==== EXCERPTED DATA ====

(* Let $f^{cl}_{\pi_\star}$ be $\eta$-locally $\delta$-ISS for some $\eta>0$, with gain $\gamma$ satisfying $\gamma(x)\le O(x^{1/r})$ as $x\to0^+$ for some $r\ge1$. Fix a test policy $\pi$ and initial condition $\xi\in\mathcal X$, and let $p\in\mathbb N$ satisfy $p+1-r>0$. Assume $\pi$ and $\pi_\star$ are $p$-times continuously differentiable and there is $L_{\partial^p\pi}\ge0$ with \[\Big\|\bar\pi(x)-\sum_{j=0}^p\tfrac1{j!}\partial_x^j\bar\pi(x_0)(x-x_0)^{\otimes j}\Big\|\le\tfrac{L_{\partial^p\pi}}{(p+1)!}\|x-x_0\|^{p+1}\] for all $x,x_0$ and $\bar\pi\in\{\pi,\pi_\star\}$. Choose $\mu,\alpha>0$ with $\alpha\le1/2$ such that \[2\tfrac{L_{\partial^p\pi}}{(p+1)!}x^{p+1}+(x/\mu)^r\le\gamma^{-1}(x)\quad\text{for all }0\le x\le\alpha.\] If \[\max_{0\le t\le T-1}\max_{0\le j\le p}\mu\Big(\tfrac{2}{j!}\|\partial_x^j\Delta_t^{\pi_\star}(\xi;\pi)\|\Big)^{1/r}\le\alpha,\] \[\max_{0\le t\le T-1}\max_{0\le j\le p}\Big[\tfrac{2L_{\partial^p\pi}\mu^{p+1}}{(p+1)!}\Big(\tfrac{2}{j!}\|\partial_x^j\Delta_t^{\pi_\star}(\xi;\pi)\|\Big)^{\frac{p+1}{r}}+\tfrac{2}{j!}\|\partial_x^j\Delta_t^{\pi_\star}(\xi;\pi)\|\Big]\le\eta,\] then for all $1\le t\le T$, \[\|x_t^{\pi_\star}(\xi)-x_t^\pi(\xi)\|\le\max_{0\le k\le t-1}\max_{0\le j\le p}\mu\Big(\tfrac{2}{j!}\|\partial_x^j\Delta_k^{\pi_\star}(\xi;\pi)\|\Big)^{1/r}.\]
   Context: Dynamics $x_{t+1}=f(x_t,u_t)$, $x_0=\xi$, $x_t\in\mathbb R^d,u_t\in\mathbb R^m$. For a policy $\pi$, perturbed closed loop $x_{t+1}=f^{cl}_\pi(x_t,\Delta_t):=f(x_t,\pi(x_t)+\Delta_t)$, states $x_t^\pi(\xi,\{\Delta_s\})$, $x_t^\pi(\xi):=x_t^\pi(\xi,\{0\})$. Initial conditions lie in a compact set $\mathcal X$. Norms: Euclidean on vectors, operator norm on matrices/tensors; $\otimes$ is the tensor power. Class $\mathcal K$/$\mathcal{KL}$ functions as standard. $f^{cl}_\pi$ is $\eta$-locally $\delta$-ISS if there are class $\mathcal{KL}$ $\beta$ and class $\mathcal K$ $\gamma$ with $\|x_t^\pi(\xi_1;\{\Delta_s\}_{s=0}^{t-1})-x_t^\pi(\xi_2;\{0\})\|\le\beta(\|\xi_1-\xi_2\|,t)+\gamma(\max_{0\le k\le t-1}\|\Delta_k\|)$ for all $\xi_1,\xi_2\in\mathcal X$, $t\in\mathbb N$, and perturbations with $\sup_t\|\Delta_t\|\le\eta$. $\gamma^{-1}$ is the inverse of $\gamma$ on its range (with $\gamma^{-1}(x)=+\infty$ for $x\ge\sup\gamma$). $\pi_\star$ is the expert policy, and $\partial_x^j\Delta_t^{\pi_\star}(\xi;\pi):=\partial_x^j\pi(x_t^{\pi_\star}(\xi))-\partial_x^j\pi_\star(x_t^{\pi_\star}(\xi))$ (the $j$-th derivative of the policies with respect to their argument, evaluated on the expert trajectory). *)

From HB Require Import structures.
From mathcomp Require Import all_boot all_order all_algebra.
From mathcomp Require Import all_classical all_reals all_analysis.
Set Implicit Arguments. Unset Strict Implicit. Unset Printing Implicit Defensive.
Import Order.TTheory GRing.Theory Num.Theory.
Import numFieldNormedType.Exports.
Local Open Scope classical_set_scope.
Local Open Scope ring_scope.

Section Defs.
Variable R : realType.

(* Euclidean norm on row vectors (the library norm on 'rV is the sup norm). *)
Definition enorm (n : nat) (v : 'rV[R]_n) : R :=
  Num.sqrt (\sum_(i < n) v ord0 i ^+ 2).

(* Iterated directional derivative:
   iderive g [:: h1; ...; hj] x = d^j g(x)[h1,...,hj]. *)
Fixpoint iderive (d m : nat) (g : 'rV[R]_d -> 'rV[R]_m) (hs : seq 'rV[R]_d)
  : 'rV[R]_d -> 'rV[R]_m :=
  match hs with
  | [::] => g
  | h :: hs' => fun x => derive (iderive g hs') x h
  end.

Definition unit_dirs (d j : nat) : set (seq 'rV[R]_d) :=
  [set hs | size hs = j /\ all (fun h => enorm h <= 1) hs].

Definition opnorm (d m j : nat) (F : seq 'rV[R]_d -> 'rV[R]_m) : R :=
  sup [set enorm (F hs) | hs in @unit_dirs d j].

Definition Cp (d m p : nat) (g : 'rV[R]_d -> 'rV[R]_m) : Prop :=
  forall hs : seq 'rV[R]_d,
    ((size hs < p)%N -> forall x, differentiable (iderive g hs) x) /\
    ((size hs <= p)%N -> continuous (iderive g hs)).

Fixpoint traj (d m : nat) (f : 'rV[R]_d -> 'rV[R]_m -> 'rV[R]_d)
  (pi : 'rV[R]_d -> 'rV[R]_m) (xi : 'rV[R]_d) (Delta : nat -> 'rV[R]_m)
  (t : nat) : 'rV[R]_d :=
  match t with
  | 0 => xi
  | t'.+1 => let x := traj f pi xi Delta t' in f x (pi x + Delta t')
  end.

Definition zeroPert (m : nat) : nat -> 'rV[R]_m := fun _ => 0.

Definition classK (g : R -> R) : Prop :=
  g 0 = 0 /\
  {within [set x | 0 <= x], continuous g} /\
  {in [set x | 0 <= x] &, forall x y, x < y -> g x < g y}.

Definition classKL (b : R -> nat -> R) : Prop :=
  (forall t, classK (fun s => b s t)) /\
  (forall s, 0 <= s -> forall t1 t2 : nat, (t1 <= t2)%N -> b s t2 <= b s t1) /\
  (forall s, 0 <= s -> (fun t : nat => b s t) @ \oo --> 0).

Definition dISS_with (d m : nat) (f : 'rV[R]_d -> 'rV[R]_m -> 'rV[R]_d)
  (pi : 'rV[R]_d -> 'rV[R]_m) (X : set 'rV[R]_d) (eta : R)
  (beta : R -> nat -> R) (gamma : R -> R) : Prop :=
  forall xi1 xi2, X xi1 -> X xi2 ->
  forall Delta : nat -> 'rV[R]_m, (forall t, enorm (Delta t) <= eta) ->
  forall t : nat,
    enorm (traj f pi xi1 Delta t - traj f pi xi2 (@zeroPert m) t)
      <= beta (enorm (xi1 - xi2)) t
         + gamma (\big[Num.max/0]_(k < t) enorm (Delta k)).

Definition loc_dISS (d m : nat) (f : 'rV[R]_d -> 'rV[R]_m -> 'rV[R]_d)
  (pi : 'rV[R]_d -> 'rV[R]_m) (X : set 'rV[R]_d) (eta : R) : Prop :=
  exists beta gamma, classKL beta /\ classK gamma /\ dISS_with f pi X eta beta gamma.

(* gamma^{-1}: inverse of gamma on its range, +oo outside it *)
Definition ginv (g : R -> R) (x : R) : \bar R :=
  match pselect (exists y, 0 <= y /\ g y = x) with
  | left P => (projT1 (cid P))%:E
  | right _ => +oo%E
  end.

Definition dDelta (d m : nat) (pi pistar : 'rV[R]_d -> 'rV[R]_m) (j : nat)
  (x : 'rV[R]_d) : R :=
  @opnorm d m j (fun hs => iderive pi hs x - iderive pistar hs x).

End Defs.

(* Let z and y be the expert and learner trajectories.  The expert driven by the input
   perturbation Delta_k := pi(y_k) - pistar(y_k) follows y exactly, so delta-ISS (with
   xi_1 = xi_2 = xi) bounds |z_t - y_t| by gamma(max_{k<t} |Delta_k|).  Argue by strong
   induction on t, with x the right-hand side of the bound at time t: if |z_k - y_k| <= x
   for k < t, comparing the Taylor expansions of pi and pistar around z_k gives
   |Delta_k| <= 2 L x^(p+1)/(p+1)! + sum_j |d^j Delta(z_k)| x^j / j!, and since x <= 1/2 the
   sum is at most (x/mu)^r.  The choice of mu and alpha makes this at most gamma^-1(x), hence
   |z_t - y_t| <= x; the second hypothesis on the derivative gaps keeps every Delta_k
   within the ISS radius eta. *)

From mathcomp Require Import all_boot all_order all_algebra.
From mathcomp Require Import all_classical all_reals all_analysis.
From mathcomp Require Import zify ring lra.
Import Order.TTheory GRing.Theory Num.Theory.
Import numFieldNormedType.Exports.
Local Open Scope classical_set_scope.
Local Open Scope ring_scope.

====

PROBLEM REQUIREMENTS >> With "within" as the string to find, copy every line of the records that holds it.

ANSWER >>
  {within [set x | 0 <= x], continuous g} /\
   within the ISS radius eta. *)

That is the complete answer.